[
https://issues.apache.org/jira/browse/PIG-1984?page=com.atlassian.jira.plugin.system.issuetabpanels:all-tabpanel
]
Olga Natkovich resolved PIG-1984.
---------------------------------
Resolution: Fixed
We already include the following in 0.9 documentation:
Known Schema Handling
Note the following:
* You can define a schema that includes both the field name and field type.
* You can define a schema that includes the field name only; in this case,
the field type defaults to bytearray.
* You can choose not to define a schema; in this case, the field is
un-named and the field type defaults to bytearray.
If you assign a name to a field, you can refer to that field using the name or
by positional notation.
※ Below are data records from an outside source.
Lemma increasing_seq_comp (phi psi : nat -> nat) :
  increasing_seq phi -> increasing_seq psi -> increasing_seq (phi \o psi).
Proof. by move=> phiM psiM m n; rewrite /= phiM; exact: psiM. Qed.

Lemma cvg_subseq {u : nat -> V} {l : V} {phi : nat -> nat} :
  increasing_seq phi -> u @ \oo --> l -> u \o phi @ \oo --> l.
Proof.
move=> /increasing_seq_ge phi_ge; apply: cvg_comp.
by move=> P [N _ PN]; exists N => // n /= Nn; apply/PN/(leq_trans Nn).
Qed.

Lemma bounded_fun_le {u : nat -> V} {B : R} : (forall n, `|u n| <= B) -> bounded_fun u.
Proof.
move=> uB; exists B; split => [|C BC n _]; first exact: num_real.
exact: le_trans (uB n) (ltW BC).
Qed.

Lemma cvg_seq_bounded_le {u : nat -> V} {l : V} : u @ \oo --> l -> exists B, forall n, `|u n| <= B.
Proof.
move=> ul; have /cvg_seq_bounded [B [_ uB]] : cvgn u by apply/cvg_ex; exists l.
by exists (B + 1) => n; apply: uB => //; rewrite ltrDl.
Qed.

Lemma cvg_norm_le {u : nat -> V} {l : V} {B : R} :
  u @ \oo --> l -> (forall n, `|u n| <= B) -> `|l| <= B.
Proof.
move=> ul uB; rewrite leNgt; apply/negP => /(cvgr_norm_gt _ ul) [N _ /(_ N (leqnn N))].
by rewrite /= ltNge uB.
Qed.

Lemma cvg_norm_ge {u : nat -> V} {l : V} {c : R} :
  u @ \oo --> l -> (forall n, c - n.+1%:R^-1 <= `|u n|) -> c <= `|l|.
Proof.
move=> ul uc; rewrite leNgt; apply/negP => lc.
have [t lt_t t_lt] : exists2 t, `|l| < t & t < c.
  by have [] := midf_lt lc; exists ((`|l| + c) / 2).
near \oo => n.
have u_lt : `|u n| < t by near: n; exact: (cvgr_norm_lt _ ul).
have n_lt : n.+1%:R^-1 < c - t.
  by near: n; apply: (near_infty_natSinv_lt (PosNum _)); rewrite subr_gt0.
by move: (uc n) n_lt; set i := n.+1%:R^-1; lra.
Unshelve. all: by end_near.
Qed.

End NormedSequences.

Section MetricFacts.
Context {R : realType} {M : Type} {d : M -> M -> R}.
Hypothesis hd : is_metric d.

Lemma metric_ge0 p q : 0 <= d p q. Proof. exact: hd.1. Qed.
Lemma metric_xx p : d p p = 0. Proof. exact: (hd.2.1 p p).2. Qed.
Lemma metric_sym p q : d p q = d q p. Proof. exact: hd.2.2.1. Qed.
Lemma metric_triangle p q s : d p s <= d p q + d q s. Proof. exact: hd.2.2.2. Qed.

Lemma metric_gt0 {p q} : p <> q -> 0 < d p q.
Proof. by move=> pq; rewrite lt_neqAle metric_ge0 andbT eq_sym; apply/eqP => /hd.2.1. Qed.

End MetricFacts.

Definition slope {R : realType} {M : Type} {Y : normedModType R}
  (d : M -> M -> R) (f : M -> Y) (p q : M) : Y := (d p q)^-1 *: (f p - f q).

Definition slope_norms {R : realType} {M : Type} {Y : normedModType R}
  (d : M -> M -> R) (f : M -> Y) : set R :=
  [set t | exists p q : M, p <> q /\ t = `|f p - f q| / d p q].

Section LipschitzNorm.
Context {R : realType} {M : Type} {Y : normedModType R} {d : M -> M -> R}.
Hypothesis hd : is_metric d.

Lemma norm_slope (f : M -> Y) p q : `|slope d f p q| = `|f p - f q| / d p q.
Proof. by rewrite normrZ ger0_norm ?invr_ge0 ?metric_ge0 // mulrC. Qed.

Lemma slope_norms_ubound (f : M -> Y) C : (forall p q, `|f p - f q| <= C * d p q) ->
  ubound (slope_norms d f) C.
Proof. by move=> fC _ [p [q [pq ->]]]; rewrite ler_pdivrMr ?metric_gt0. Qed.

Lemma slope_le_lipnorm (f : M -> Y) p q : Defs.lipschitz d f -> p <> q ->
  `|f p - f q| / d p q <= lipnorm d f.
Proof.
by move=> [C /slope_norms_ubound fC] pq; apply: ub_le_sup; [exists C | exists p, q].
Qed.

Lemma lipnorm_le (f : M -> Y) C : (exists p q : M, p <> q) ->
  (forall p q, `|f p - f q| <= C * d p q) -> lipnorm d f <= C.
Proof.
move=> [p [q pq]] /slope_norms_ubound fC.
by apply: ge_sup fC; exists (`|f p - f q| / d p q), p, q.
Qed.

Lemma lipnorm_approx (f : M -> Y) eps : Defs.lipschitz d f -> (exists p q : M, p <> q) ->
  0 < eps -> exists p q, p <> q /\ lipnorm d f - eps < `|f p - f q| / d p q.
Proof.
move=> [C /slope_norms_ubound fC] [p [q pq]] eps0.
have [|_ [p' [q' [pq' ->]]] lt] := @sup_adherent _ (slope_norms d f) _ eps0; last by exists p', q'.
by split; [exists (`|f p - f q| / d p q), p, q | exists C].
Qed.

End LipschitzNorm.

Section Span.
Context {R : realType} {Y : normedModType R}.
Implicit Types (e : nat -> Y) (S : set Y).

Definition span e J : set Y := [set w | exists c : nat -> R, w = \sum_(i < J) c i *: e i].

Lemma eq_span e e' J : (forall i, (i < J)%N -> e i = e' i) -> span e J = span e' J.
Proof.
move=> ee'; apply/seteqP; split => _ [c ->]; exists c; apply: eq_bigr => i _;
  by rewrite ee'.
Qed.

Section SpanLemmas.
Context {e : nat -> Y} {J : nat}.

Lemma span0 : span e J 0.
Proof. by exists (fun=> 0); rewrite big1 // => i _; rewrite scale0r. Qed.

Lemma spanD {a b} : span e J a -> span e J b -> span e J (a + b).
Proof.
move=> [c ->] [c' ->]; exists (fun i => c i + c' i).
by rewrite -big_split /=; apply: eq_bigr => i _; rewrite scalerDl.
Qed.

Lemma spanZ k {a} : span e J a -> span e J (k *: a).
Proof.
move=> [c ->]; exists (fun i => k * c i).
by rewrite scaler_sumr; apply: eq_bigr => i _; rewrite scalerA.
Qed.

Lemma spanN {a} : span e J a -> span e J (- a).
Proof. by rewrite -scaleN1r; exact: spanZ. Qed.

Lemma spanB {a b} : span e J a -> span e J b -> span e J (a - b).
Proof. by move=> Ja /spanN; exact: spanD. Qed.

Lemma spanS {w} a : span e J w -> span e J.+1 (w + a *: e J).
Proof.
move=> [c ->]; exists (fun i => if i == J then a else c i).
rewrite big_ord_recr /= eqxx; congr (_ + _).
by apply: eq_bigr => i _; rewrite ltn_eqF.
Qed.

Lemma spanSP {y} : span e J.+1 y -> exists w a, span e J w /\ y = w + a *: e J.
Proof.
move=> [c ->]; exists (\sum_(i < J) c i *: e i), (c J).
by rewrite big_ord_recr; split => //; exists c.
Qed.

End SpanLemmas.

Lemma span_le {e J J' w} : (J <= J')%N -> span e J w -> span e J' w.
Proof.
move=> /subnK <-; elim: (J' - J)%N => // k IH /IH Jw.
by rewrite addSn; have := spanS 0 Jw; rewrite scale0r addr0.
Qed.

Lemma span_mem {e k J} : (k < J)%N -> span e J (e k).
Proof.
move=> kJ; apply: (span_le kJ).
by have := spanS 1 (@span0 e k); rewrite scale1r add0r.
Qed.

Definition seq_closed S := forall (u : nat -> Y) (l : Y),
  (forall n, S (u n)) -> u @ \oo --> l -> S l.

Definition bounded_seq_compact S := forall (u : nat -> Y) (B : R),
  (forall n, S (u n)) -> (forall n, `|u n| <= B) ->
  exists (phi : nat -> nat) (l : Y), [/\ increasing_seq phi, S l & u \o phi @ \oo --> l].

Lemma bounded_seq_compact_closed {S} : bounded_seq_compact S -> seq_closed S.
Proof.
move=> cS u l Su ul; have [B uB] := cvg_seq_bounded_le ul.
have [phi [l' [phiI Sl' ul']]] := cS u B Su uB.
by rewrite (cvg_unique _ (cvg_subseq phiI ul) ul').
Qed.

Lemma seq_closed_dist_gt0 {S x} : seq_closed S -> ~ S x ->
  exists2 eps : R, 0 < eps & forall w, S w -> eps <= `|x - w|.
Proof.
move=> cS Sx; apply: contrapT => no_eps; apply: Sx.
have /choice [w Hw] : forall n : nat, exists w, S w /\ `|x - w| < n.+1%:R^-1.
  move=> n; apply: contrapT => no_w; apply: no_eps; exists n.+1%:R^-1 => [|w Sw].
    by rewrite invr_gt0.
  by rewrite leNgt; apply/negP => lt; apply: no_w; exists w.
apply: (cS w) => [n|]; first exact: (Hw n).1.
apply/cvgrPdist_lt => eps eps0; near=> n; apply: lt_trans (Hw n).2 _.
by near: n; exact: (near_infty_natSinv_lt (PosNum eps0)).
Unshelve. all: by end_near.
Qed.

Lemma span_distZ {e J v eps} : (forall w, span e J w -> eps <= `|v - w|) ->
  forall a w, span e J w -> `|a| * eps <= `|w + a *: v|.
Proof.
move=> v_far a w Jw; have [->|a0] := eqVneq a 0.
  by rewrite normr0 mul0r normr_ge0.
have -> : w + a *: v = a *: (v - (- a^-1) *: w).
  by rewrite scalerBr scalerA mulrN mulfV // scaleN1r opprK addrC.
by rewrite normrZ ler_wpM2l // v_far //; exact: spanZ.
Qed.

Lemma span_seq_decomp {e J} {u : nat -> Y} : (forall n, span e J.+1 (u n)) ->
  exists (W : nat -> Y) (A : nat -> R), forall n, span e J (W n) /\ u n = W n + A n *: e J.
Proof.
move=> Ju; have /choice [wa Hwa] : forall n, exists wa : Y * R,
    span e J wa.1 /\ u n = wa.1 + wa.2 *: e J.
  by move=> n; have [w [a [Jw ->]]] := spanSP (Ju n); exists (w, a).
by exists (fun n => (wa n).1), (fun n => (wa n).2).
Qed.

Lemma bounded_seq_compact_spanS e J :
  bounded_seq_compact (span e J) -> bounded_seq_compact (span e J.+1).
Proof.
move=> cJ; have [eJ|eJ] := pselect (span e J (e J)).
  suff -> : span e J.+1 = span e J by [].
  apply/seteqP; split => [y /spanSP [w [a [Jw ->]]]|y]; last exact: span_le.
  by apply: spanD => //; exact: spanZ.
(* The coefficient of e J is controlled by the distance from e J to span e J. *)
have [eps eps0 eps_le] := seq_closed_dist_gt0 (bounded_seq_compact_closed cJ) eJ.
move=> u B Ju uB; have [W [A WA]] := span_seq_decomp Ju.
have A_le n : `|A n| <= B / eps.
  rewrite ler_pdivlMr // (le_trans _ (uB n)) // (WA n).2.
  exact: span_distZ eps_le _ _ (WA n).1.
have W_le n : `|W n| <= B + B / eps * `|e J|.
  have -> : W n = u n - A n *: e J by rewrite (WA n).2 addrK.
  by rewrite (le_trans (ler_normB _ _)) // normrZ lerD // ler_wpM2r.
have [phi phiI /cvg_ex [g Ag]] := bolzano_weierstrass (bounded_fun_le A_le).
have [psi [l [psiI Jl Wl]]] :=
  cJ (W \o phi) _ (fun n => (WA (phi n)).1) (fun n => W_le (phi n)).
exists (phi \o psi), (l + g *: e J); split; [exact: increasing_seq_comp | exact: spanS |].
have -> : u \o (phi \o psi) = fun n => W (phi (psi n)) + A (phi (psi n)) *: e J.
  by apply/funext => n; rewrite /= (WA _).2.
apply: cvgD; first exact: Wl.
by apply: cvgZ; [exact: (cvg_subseq psiI Ag) | exact: cvg_cst].
Qed.

Lemma span_bounded_seq_compact e J : bounded_seq_compact (span e J).
Proof.
elim: J => [|J]; last exact: bounded_seq_compact_spanS.
move=> u B J0u _; exists id, 0; split => //; first exact: span0.
have -> : u \o id = fun=> 0 by apply/funext => n /=; case: (J0u n) => c ->; rewrite big_ord0.
exact: cvg_cst.
Qed.

End Span.

Section Riesz.
Context {R : realType} {Y : normedModType R}.
Hypothesis Y_infinite : ~ finite_dim Y.

Lemma span_proper (e : nat -> Y) J : exists x, ~ span e J x.
Proof.
apply: contrapT => spanT; apply: Y_infinite; exists J, (fun i : 'I_J => e i) => y.
have [c ->] : span e J y by apply: contrapT => Jy; apply: spanT; exists y.
by exists (fun i : 'I_J => c i).
Qed.

Lemma riesz_span (e : nat -> Y) J :
  exists v : Y, `|v| = 1 /\ forall a w, span e J w -> `|a| <= 2 * `|a *: v + w|.
Proof.
have [x Jx] := span_proper e J.
have [eps eps0 eps_le] :=
  seq_closed_dist_gt0 (bounded_seq_compact_closed (span_bounded_seq_compact e J)) Jx.
pose D := [set `|x - w| | w in span e J].
have D0 : D !=set0 by exists `|x - 0|, 0; first exact: span0.
have D_lb : lbound D eps by move=> _ [w Jw <-]; exact: eps_le.
have delta_gt0 : 0 < inf D := lt_le_trans eps0 (lb_le_inf D0 D_lb).
have D_inf : has_inf D by split; last exists eps.
have [_ [w0 Jw0 <-] w0_lt] := inf_adherent delta_gt0 D_inf.
(* w0 realises the distance from x to the span up to a factor 2. *)
have n0 : 0 < `|x - w0| by apply: lt_le_trans eps0 (eps_le _ Jw0).
pose v := `|x - w0|^-1 *: (x - w0).
have v_far w : span e J w -> 2^-1 <= `|v - w|.
  move=> Jw; have -> : v - w = `|x - w0|^-1 *: (x - (w0 + `|x - w0| *: w)).
    by rewrite /v opprD addrA [RHS]scalerBr scalerA mulVf ?gt_eqF // scale1r.
  rewrite normrZ ger0_norm ?invr_ge0 // mulrC ler_pdivlMr //.
  have : inf D <= `|x - (w0 + `|x - w0| *: w)|.
    apply: ge_inf; first by exists eps.
    by exists (w0 + `|x - w0| *: w) => //; apply: spanD => //; exact: spanZ.
  by move: w0_lt; lra.
exists v; split; first by rewrite normrZ ger0_norm ?mulVf ?gt_eqF // invr_ge0 ltW.
move=> a w Jw; rewrite addrC -ler_pdivrMl // mulrC.
exact: span_distZ v_far a w Jw.
Qed.

Lemma riesz_sequence : exists e : nat -> Y, (forall n, `|e n| = 1) /\
  forall J a w, span e J w -> `|a| <= 2 * `|a *: e J + w|.
Proof.
(* e_n is chosen as a function of the list of its predecessors, so that the
   Riesz condition for e_n only involves e_0, ..., e_(n-1). *)
have /choice [next next_spec] : forall s : seq Y, exists v : Y, `|v| = 1 /\
    forall a w, span (nth 0 s) (size s) w -> `|a| <= 2 * `|a *: v + w|.
  by move=> s; exact: riesz_span.
pose fix prefix n := if n is m.+1 then rcons (prefix m) (next (prefix m)) else [::].
have size_prefix n : size (prefix n) = n by elim: n => //= n IH; rewrite size_rcons IH.
have nth_prefix n i : (i < n)%N -> nth 0 (prefix n) i = next (prefix i).
  elim: n => // n IH; rewrite ltnS leq_eqVlt => /predU1P [->|lt] /=;
    by rewrite nth_rcons size_prefix ?ltnn ?eqxx ?lt ?IH.
exists (fun n => next (prefix n)); split => [n|J a w Jw]; first exact: (next_spec _).1.
apply: (next_spec _).2; rewrite size_prefix.
by rewrite (eq_span _ (fun i => next (prefix i))) // => i iJ; rewrite nth_prefix.
Qed.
If you don't assign a name to a field (the field is
un-named) you can only refer to the field using positional notation.
If you assign a type to a field, you can subsequently change the type using the
cast operators. If you don't assign a type to a field, the field defaults to
bytearray; you can change the default type using the cast operators.
Unknown Schema Handling
Note the following:
* When you JOIN/COGROUP/CROSS multiple relations, if any relation has a
null schema (no defined schema), the schema for the resulting relation is null.
* If you FLATTEN a bag with empty inner schema, the schema for the
resulting relation is null.
* If you UNION two relations with incompatible schema, the schema for
resulting relation is null.
* If the schema is null, Pig treats all fields as bytearray (in the
backend, Pig will determine the real type for the fields dynamically)
> Nedd to clarify unknown schema
> ------------------------------
>
> Key: PIG-1984
> URL: https://issues.apache.org/jira/browse/PIG-1984
> Project: Pig
> Issue Type: Improvement
> Components: documentation
> Affects Versions: 0.9.0
> Reporter: Daniel Dai
> Assignee: Corinne Chandel
> Fix For: 0.9.0
>
>
> We need to clarify how unknown schema is used in Pig. For every field, if
> user don't tell us the data type, we use bytearray to denote an unknown type.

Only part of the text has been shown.